Appreciate the feedback!
It could be more friendly to Python developers because C++ is a complicated language for most developers that do not have C++ experiences. It's welcome to write another pure Python implemented client, like the native Go client.
However, from my perspective, it's a little different with Golang. Golang compiles its native binaries, while Python interpreter (I mean CPython here) actually works by loading Python scripts or C dynamic libraries . Writing fully-native Python client might bring some unnecessary performance overhead. In addition, a fully-native Python client is only more friendly for Python developers, not Python users.
To echo the above comment, I just raised https://github.com/apache/pulsar-client-python/issues/115 and was going to see if I could open a PR for it myself. Without a native python client, the barrier to entry on contributing is quite high.
On top of this, there's also the value lost for developers when using the library itself. Things like type hints and the internal options are obfuscated.
For a concrete example of this, all the imports from _pulsar
like ConsumerType
have no autocomplete and no python documentation from the code itself. Even the API doc (https://pulsar.apache.org/api/python/2.4.0/) in the subscribe
section simply has a default value of _pulsar.ConsumerType.Exclusive
but no details on what other ConsumerTypes there are.
In fact, to figure out what was available, I ended up searching the C++ client repo for "ConsumerType" and ending up at https://github.com/apache/pulsar-client-cpp/blob/4a864f20530e230ecee7e4ab09430bd65fb9789c/include/pulsar/ConsumerType.h#L28
It has the information I wanted, but in terms of a smooth developer experience, having to manually search C++ code to figure out what I can pass in to my python signature is less than ideal. Happy to be part of the solution here though, and if we migrate to Python I'm very happy to contribute as much as possible.
in the subscribe section simply has a default value of _pulsar.ConsumerType.Exclusive but no details on what other ConsumerTypes there are.
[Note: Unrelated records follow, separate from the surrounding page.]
(* In the category $\mathbf{FCLS}$ of finite closure spaces, every descent morphism is an effective descent morphism.
   Context: A closure space is a pair $(A,\mathcal{C}_A)$ where $A$ is a set and $\mathcal{C}_A$ is a set of subsets of $A$ closed under arbitrary intersections (so $A\in\mathcal{C}_A$). $\mathbf{CLS}$ has closure spaces as objects and, as morphisms $\alpha:A\to B$, maps with $\alpha^{-1}(B')\in\mathcal{C}_A$ for all $B'\in\mathcal{C}_B$; $\mathbf{FCLS}$ is its full subcategory of closure spaces with finite underlying set (it has pullbacks and coequalizers of equivalence relations). For a morphism $p:E\to B$ in a category $\mathbf{C}$ with pullbacks, a descent data for $p$ is a triple $(C,\gamma,\xi)$ with $\gamma:C\to E$, $\xi:E\times_BC\to C$ (pullback of $p$ and $p\gamma$, projections $\pi_1,\pi_2$) such that $\gamma\xi=\pi_1$, $\xi\langle\gamma,1_C\rangle=1_C$, $\xi\circ(E\times_B\xi)=\xi\circ(E\times_B\pi_2)$; a morphism $(C,\gamma,\xi)\to(C',\gamma',\xi')$ is $f:C\to C'$ with $\gamma'f=\gamma$ and $f\xi=\xi'\circ(E\times_Bf)$. This gives a category $\mathrm{Des}(p)$ and a comparison functor $K^p:(\mathbf{C}\downarrow B)\to\mathrm{Des}(p)$, $K^p(A,\alpha)=(E\times_BA,\pi_1,E\times_B\pi_2)$. The morphism $p$ is a descent morphism if $K^p$ is fully faithful (equivalently, $p$ is a pullback-stable regular epimorphism), and an effective descent morphism if $K^p$ is an equivalence of categories. *)

From mathcomp Require Import all_boot.
Set Implicit Arguments.
Unset Strict Implicit.
Unset Printing Implicit Defensive.

(* Finite closure spaces: a finite set A with a family of subsets closed
   under arbitrary intersections (the empty intersection being A).     *)
Record fcls := FCLS {
  carrier :> finType;
  closed : {set {set carrier}};
  closedP : forall F : {set {set carrier}},
      F \subset closed -> \bigcap_(X in F) X \in closed }.

Definition cont (A B : fcls) (f : A -> B) : Prop :=
  forall Y, Y \in closed B -> f @^-1: Y \in closed A.

Definition gen_closed (T : finType) (gens : {set {set T}}) : {set {set T}} :=
  [set S : {set T} | S == \bigcap_(X in gens | S \subset X) X].

Lemma gen_closedP (T : finType) (gens : {set {set T}}) (F : {set {set T}}) :
  F \subset gen_closed gens -> \bigcap_(X in F) X \in gen_closed gens.
Proof.
move=> /subsetP sF; rewrite inE eqEsubset; apply/andP; split.
  by apply/bigcapsP => X /andP [_ ?].
apply/subsetP => x /bigcapP xG; apply/bigcapP => S SF.
have := sF S SF; rewrite inE => /eqP ->; apply/bigcapP => X /andP [Xg SX].
apply: xG; rewrite Xg /=; apply: subset_trans SX; exact: bigcap_inf.
Qed.

Definition gen_fcls (T : finType) (gens : {set {set T}}) : fcls :=
  @FCLS T (gen_closed gens) (@gen_closedP T gens).

Lemma gen_closed_gens (T : finType) (gens : {set {set T}}) X :
  X \in gens -> X \in closed (gen_fcls gens).
Proof.
move=> Xg; rewrite /= inE eqEsubset; apply/andP; split.
  by apply/bigcapsP => Y /andP [_ ?].
by apply: bigcap_inf; rewrite Xg subxx.
Qed.

Lemma cont_gen (A : fcls) (T : finType) (gens : {set {set T}}) (f : A -> T) :
  (forall X, X \in gens -> f @^-1: X \in closed A) ->
  @cont A (gen_fcls gens) f.
Proof.
move=> hg S; rewrite /= inE => /eqP ->.
set G := [set X in gens | S \subset X].
have -> : f @^-1: (\bigcap_(X in gens | S \subset X) X)
        = \bigcap_(Y in ((fun X : {set T} => f @^-1: X) @: G)) Y.
  apply/setP => a; rewrite inE; apply/bigcapP/bigcapP.
    move=> h Y /imsetP [X XG ->]; rewrite inE; apply: h.
    by move: XG; rewrite inE.
  move=> h X XgS; have := h (f @^-1: X); rewrite inE; apply.
  by apply/imsetP; exists X; rewrite // inE.
apply: closedP; apply/subsetP => Y /imsetP [X]; rewrite inE => /andP [Xg _] ->.
exact: hg.
Qed.

(* Pullbacks in FCLS: underlying set is the set-theoretic pullback, with
   the initial closure structure w.r.t. the two projections (generated
   by preimages of closed sets under the projections).                *)
Section Pullback.
Variables (E B : fcls) (p : E -> B).

Definition pb_type (C : fcls) (q : C -> B) : finType :=
  {x : E * C | p x.1 == q x.2}.

Definition pb_gens (C : fcls) (q : C -> B) : {set {set pb_type q}} :=
  ((fun X : {set E} => [set z : pb_type q | (val z).1 \in X]) @: closed E) :|:
  ((fun Y : {set C} => [set z : pb_type q | (val z).2 \in Y]) @: closed C).

Definition pb (C : fcls) (q : C -> B) : fcls := gen_fcls (pb_gens q).

Definition pi1 (C : fcls) (q : C -> B) (z : pb q) : E := (val z).1.
Definition pi2 (C : fcls) (q : C -> B) (z : pb q) : C := (val z).2.

Lemma pi1_cont (C : fcls) (q : C -> B) : cont (@pi1 C q).
Proof.
move=> X XE; apply: gen_closed_gens; apply/setUP; left.
by apply/imsetP; exists X => //; apply/setP => z; rewrite !inE.
Qed.

Lemma pi2_cont (C : fcls) (q : C -> B) : cont (@pi2 C q).
Proof.
move=> Y YC; apply: gen_closed_gens; apply/setUP; right.
by apply/imsetP; exists Y => //; apply/setP => z; rewrite !inE.
Qed.

Lemma pbP (C : fcls) (q : C -> B) (z : pb q) : q (pi2 z) = p (pi1 z).
Proof. by rewrite /pi1 /pi2; case: z => [[e c] /= /eqP ->]. Qed.

Definition pbmap (X Y : fcls) (qX : X -> B) (qY : Y -> B) (f : X -> Y)
    (hf : forall x, qY (f x) = qX x) (z : pb qX) : pb qY.
Proof.
refine (exist _ ((val z).1, f (val z).2) _).
by rewrite /= hf; exact: (valP z).
Defined.

Lemma pbmap_val (X Y : fcls) (qX : X -> B) (qY : Y -> B) (f : X -> Y)
    (hf : forall x, qY (f x) = qX x) (z : pb qX) :
  val (pbmap hf z) = ((val z).1, f (val z).2).
Proof. by []. Qed.

Lemma pbmap_cont (X Y : fcls) (qX : X -> B) (qY : Y -> B) (f : X -> Y)
    (hf : forall x, qY (f x) = qX x) :
  cont f -> cont (pbmap hf).
Proof.
move=> fc; apply: cont_gen => G /setUP [] /imsetP [Z ZC ->].
  apply: gen_closed_gens; apply/setUP; left; apply/imsetP; exists Z => //.
  by apply/setP => z; rewrite !inE.
apply: gen_closed_gens; apply/setUP; right; apply/imsetP.
exists (f @^-1: Z); first exact: fc.
by apply/setP => z; rewrite !inE.
Qed.

End Pullback.

Section Descent.
Variables (E B : fcls) (p : E -> B).

Record sobj := SObj {
  sdom :> fcls;
  smap : sdom -> B;
  smap_cont : cont smap }.

Record shom (X Y : sobj) := SHom {
  shfun :> X -> Y;
  shcont : cont shfun;
  shcomm : forall x, @smap Y (shfun x) = @smap X x }.

Definition pbB (C : fcls) (q : C -> B) (z : pb p q) : B := p (pi1 z).

Record dobj := DObj {
  dC :> fcls;
  dgamma : dC -> E;
  dgamma_cont : cont dgamma;
  dxi : pb p (p \o dgamma) -> dC;
  dxi_cont : cont dxi;
  dlaw1 : forall z, dgamma (dxi z) = pi1 z;
  dlaw2 : forall c : dC,
      dxi (exist _ (dgamma c, c) (eqxx (p (dgamma c)))) = c;
  dlaw3 : forall y : pb p (@pbB _ (p \o dgamma)),
      dxi (pbmap (qY := p \o dgamma) (f := dxi)
             (fun z => f_equal p (dlaw1 z)) y)
      = dxi (pbmap (qY := p \o dgamma) (f := @pi2 _ _ p _ (p \o dgamma))
             (@pbP _ _ p _ (p \o dgamma)) y) }.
It's an issue with the Python API docs generation for the _pulsar
module, which is a C++ wrapper written based on the PyBind11. (BTW, 2.4.0 is too old) It seems currently the Python docs generation tool does not generate the docs for the _pulsar
module. /cc @tisonkun
On the other hand, PyBind11 support adding the Python API docs via the C++ code. Currently the docs were not good. For example, I typed help(_pulsar.ConsumerType)
and see:
| ----------------------------------------------------------------------
| Data and other attributes defined here:
|
| Exclusive = <ConsumerType.Exclusive: 0>
|
| Failover = <ConsumerType.Failover: 2>
|
| KeyShared = <ConsumerType.KeyShared: 3>
|
| Shared = <ConsumerType.Shared: 1>
|
| ----------------------------------------------------------------------
| Static methods inherited from pybind11_builtins.pybind11_object:
|
| __new__(*args, **kwargs) from pybind11_builtins.pybind11_type
| Create and return a new object. See help(type) for accurate signature.
We can enhance the API docs later.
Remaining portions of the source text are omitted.